結界術、というと先ほど貴女が言っていた境界のことでしょうか? 」
「まあね、なんかその五条悟ってやつのこと大分警戒してるっぽいからそれなりの物を仕込んでおこうと思ってね。それ使えばある程度の衝撃は肩代わりしてくれるわ」
博麗の君は自信満々に笑って花御に説明する。
先ほど夏油が見せた宿儺の指へのマーキング術と同じく、予め結界術を仕込んでおくという技術だ。だが、夏油が呪符という呪術を介するのに適したものを媒介にしていたのとは違い、博麗の君は其処らへんの適当な木の棒、呪術的な媒介になりえない、けれどそれを扱う者に適した形のものに組み込んだのだ。

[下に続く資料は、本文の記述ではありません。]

(* Let $\theta>\kappa>0$ and $\eta_t=1/(\kappa t+2\theta)$. Let $p\in\mathcal X$ be fixed. Let $(\pi^t)_{t\ge0}$ be $\mathcal X$-valued random variables adapted to a filtration $(\mathcal F_t)_{t\ge0}$, i.e. $\pi^t$ is $\mathcal F_t$-measurable. Let $\xi_i^t\in\mathbb R^{d_i}$ be random vectors with $\mathbb E[\xi_i^t\mid\mathcal F_t]=0$ and $\mathbb E[\|\xi_i^t\|^2\mid\mathcal F_t]\le C^2$ for all $i\in[N]$ and $t\ge0$. Suppose that for all $t\ge0$, almost surely, $$D_\psi(p,\pi^{t+1})-D_\psi(p,\pi^t)+D_\psi(\pi^{t+1},\pi^t)\le\eta_t\big(\theta D_\psi(\pi^{t+1},\pi^t)-\kappa D_\psi(p,\pi^t)\big)+\eta_t\sum_{i=1}^N\langle\xi_i^t,\pi_i^{t+1}-p_i\rangle.$$ Then for all $t\ge0$, $$\mathbb E[D_\psi(p,\pi^{t+1})]\le\frac{2\theta-\kappa}{\kappa t+2\theta}D_\psi(p,\pi^0)+\frac{NC^2}{\rho(\kappa t+2\theta)}\Big(\frac1\kappa\log\Big(\frac\kappa{2\theta}t+1\Big)+\frac1{2\theta}\Big).$$ (In the paper, $p=\pi^{\mu,\sigma}$.)
   Context: For each $i\in[N]$, $\mathcal X_i\subseteq\mathbb R^{d_i}$ is a nonempty compact convex set, and $\mathcal X=\prod_i\mathcal X_i$. The norm is Euclidean, with $\|\pi\|^2=\sum_i\|\pi_i\|^2$. Regularizer. $\psi:\mathcal X_i\to\mathbb R$ is differentiable and $\rho$-strongly convex with respect to $\|\cdot\|$ ($\rho>0$). Bregman divergence: $D_\psi(x,y)=\psi(x)-\psi(y)-\langle\nabla\psi(y),x-y\rangle$, and $D_\psi(\pi,\pi')=\sum_iD_\psi(\pi_i,\pi_i')$. Here $\pi^0$ is deterministic. *)

From HB Require Import structures.
From mathcomp Require Import all_boot all_order all_algebra.
From mathcomp Require Import all_classical all_reals all_analysis.
Set Implicit Arguments. Unset Strict Implicit. Unset Printing Implicit Defensive.
Import Order.TTheory GRing.Theory Num.Theory.
Import numFieldNormedType.Exports.
Local Open Scope classical_set_scope.
Local Open Scope ring_scope.

Definition einner (R : realType) (n : nat) (x y : 'rV[R]_n) : R :=
  \sum_(j < n) x ord0 j * y ord0 j.
Definition enorm (R : realType) (n : nat) (x : 'rV[R]_n) : R :=
  Num.sqrt (einner x x).

Definition strongly_convex_on (R : realType) (n : nat) (S : set 'rV[R]_n)
    (f : 'rV[R]_n -> R) (rho : R) : Prop :=
  forall x y l, S x -> S y -> 0 <= l <= 1 ->
    f (l *: x + (1 - l) *: y) <=
      l * f x + (1 - l) * f y - rho / 2 * l * (1 - l) * enorm (x - y) ^+ 2.

(* Bregman divergence D_psi(x,y) = psi x - psi y - <grad psi(y), x - y>,
   where <grad psi(y), v> is the (Frechet) differential 'd psi y applied to v. *)
Definition bregman (R : realType) (n : nat) (psi : 'rV[R]_n -> R)
    (x y : 'rV[R]_n) : R :=
  psi x - psi y - ('d psi y : 'rV[R]_n -> R) (x - y).

Definition bregmanP (R : realType) (N : nat) (dim : 'I_N -> nat)
    (psi : forall i, 'rV[R]_(dim i) -> R)
    (x y : forall i, 'rV[R]_(dim i)) : R :=
  \sum_(i < N) bregman (psi i) (x i) (y i).

Definition measurable_wrt (d : measure_display) (T : measurableType d)
    (R : realType) (G : set (set T)) (f : T -> R) : Prop :=
  forall B : set R, measurable B -> G (f @^-1` B).

From HB Require Import structures.
From mathcomp Require Import all_boot all_order all_algebra.
From mathcomp Require Import all_classical all_reals all_analysis.
From mathcomp Require Import ring lra.
Import Order.TTheory GRing.Theory Num.Theory.
Import numFieldNormedType.Exports measurable_realfun.
Set Implicit Arguments. Unset Strict Implicit. Unset Printing Implicit Defensive.
Local Open Scope classical_set_scope.
Local Open Scope ring_scope.

(* Strong convexity makes every Bregman divergence at least [rho / 2] times a
   squared distance, so Young's inequality absorbs the noise term
   [<xi^t, pi^(t+1) - pi^t>] into [D(pi^(t+1), pi^t)], up to
   [eta_t^2 / rho * |xi^t|^2].  The remaining noise term [<xi^t, pi^t - p>] has
   zero mean, because [pi^t] is bounded and [F_t]-measurable while [xi^t] has
   zero conditional mean; this is proved by approximating [pi^t] uniformly by
   [F_t]-simple functions.  Taking expectations,
   [E D_(t+1) <= (1 - kappa eta_t) E D_t + eta_t^2 N C^2 / rho];
   multiplied by [1 / eta_t = kappa t + 2 theta] this telescopes, and
   [sum_(s <= t) eta_s] is bounded by comparison with [ln]. *)

Lemma bregman_ge_sqr_enorm (R : realType) n (S : set 'rV[R]_n)
    (f : 'rV[R]_n -> R) rho x y :
  strongly_convex_on S f rho -> S x -> S y -> differentiable f y ->
  rho / 2 * enorm (x - y) ^+ 2 <= bregman f x y.
Proof.
move=> fsc Sx Sy df; set v := x - y; set c := rho / 2 * enorm v ^+ 2.
have dq : (fun h : R => h^-1 *: ((f \o shift y) (h *: v) - f y)) @ 0^'+
    --> 'd f y v.
  by rewrite -deriveE //; apply: cvg_dnbhs_at_right; exact: diff_derivable.
have lin : (fun h : R => f x - f y - c + c * h) @ 0^'+ --> f x - f y - c.
  rewrite -[X in _ --> X]addr0 -[X in _ --> _ + X](mulr0 c).
  apply: cvg_at_right_filter; apply: cvgD; first exact: cvg_cst.
  by apply: cvgM; [exact: cvg_cst | exact: cvg_id].
suff : 'd f y v <= f x - f y - c by rewrite /bregman -/v /c; lra.
apply: (ler_cvg_to dq lin); near=> h.
have h0 : 0 < h by near: h; exact: nbhs_right_gt.
have h1 : h < 1 by near: h; exact: nbhs_right_lt.
(* strong convexity at [y + h v = h x + (1 - h) y], divided by [h] *)
have := fsc x y h Sx Sy; rewrite (ltW h0) (ltW h1) => /(_ isT).
have -> : h *: x + (1 - h) *: y = h *: v + y.
  by rewrite /v scalerBr scalerBl scale1r [y - _]addrC addrA.
move=> conv; rewrite -(ler_pM2l h0) /= -[h * _]/(h *: _) scalerA.
rewrite mulfV ?gt_eqF // scale1r.
rewrite /c; nra.
Unshelve. all: by end_near.
Qed.

Lemma bregmanP_ge_sum_sqr (R : realType) N (dim : 'I_N -> nat)
    (X : forall i, set 'rV[R]_(dim i)) (psi : forall i, 'rV[R]_(dim i) -> R)
    rho (x y : forall i, 'rV[R]_(dim i)) :
  (forall i, strongly_convex_on (X i) (psi i) rho) ->
  (forall i, X i (x i)) -> (forall i, X i (y i)) ->
  (forall i, differentiable (psi i) (y i)) ->
  rho / 2 * \sum_(i < N) enorm (x i - y i) ^+ 2 <= bregmanP psi x y.
Proof.
move=> psisc Xx Xy dpsi; rewrite mulr_sumr; apply: ler_sum => i _.
exact: bregman_ge_sqr_enorm.
Qed.

Lemma bregmanP_ge0 (R : realType) N (dim : 'I_N -> nat)
    (X : forall i, set 'rV[R]_(dim i)) (psi : forall i, 'rV[R]_(dim i) -> R)
    rho (x y : forall i, 'rV[R]_(dim i)) :
  0 <= rho -> (forall i, strongly_convex_on (X i) (psi i) rho) ->
  (forall i, X i (x i)) -> (forall i, X i (y i)) ->
  (forall i, differentiable (psi i) (y i)) ->
  0 <= bregmanP psi x y.
Proof.
move=> rho0 psisc Xx Xy dpsi.
apply: le_trans _ (bregmanP_ge_sum_sqr psisc Xx Xy dpsi).
by rewrite mulr_ge0 ?divr_ge0 ?sumr_ge0 // => i _; exact: sqr_ge0.
Qed.

Lemma enorm_sqr (R : realType) n (x : 'rV[R]_n) :
  enorm x ^+ 2 = \sum_(j < n) x ord0 j ^+ 2.
Proof.
rewrite /enorm sqr_sqrtr /einner; first by apply: eq_bigr => j _; rewrite expr2.
by apply: sumr_ge0 => j _; rewrite -expr2 sqr_ge0.
Qed.

Lemma sqr_coord_le_enorm (R : realType) n (x : 'rV[R]_n) j :
  x ord0 j ^+ 2 <= enorm x ^+ 2.
Proof.
rewrite enorm_sqr (bigD1 j) //= lerDl; apply: sumr_ge0 => i _; exact: sqr_ge0.
Qed.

そんな高等な技術だとは知らない花御は、自分たちに近しいとはいえ人間が呪いに何かを手渡すという行為がとても不可解に思えた。だが、どこか胸の奥が熱くなる感覚もあった。
「術の発動条件は、その木の棒に呪力を籠めること。そうすれば後は術が発動してあんたを守る囲いが出来るわ。だからなるべくありったけの呪力を籠めなさいね。出力の面はその術が代行するけど、その燃料である呪力はあんた依存なんだから」
「………」
「?どうしたのよ」
「 いえ………感謝します、博麗の巫女 私たちの同胞よ
いえ………感謝します、博麗の巫女。私たちの同胞よ 」
花御は心からの感謝を、博麗の君へと伝えた。それが伝わったのか彼女ははにかみながら笑顔を花御と返した。
「どういたしまして、よ」
そして、彼等呪いの躍動───その第一歩を踏み出した
因みに霊夢と羂索の指切は別に何の縛りもありません。
たんなる約束という意味での指切です。
それを破っても別に何のペナルティもありません。
ただ単に霊夢が不貞腐れるだけです。
それではまた次回。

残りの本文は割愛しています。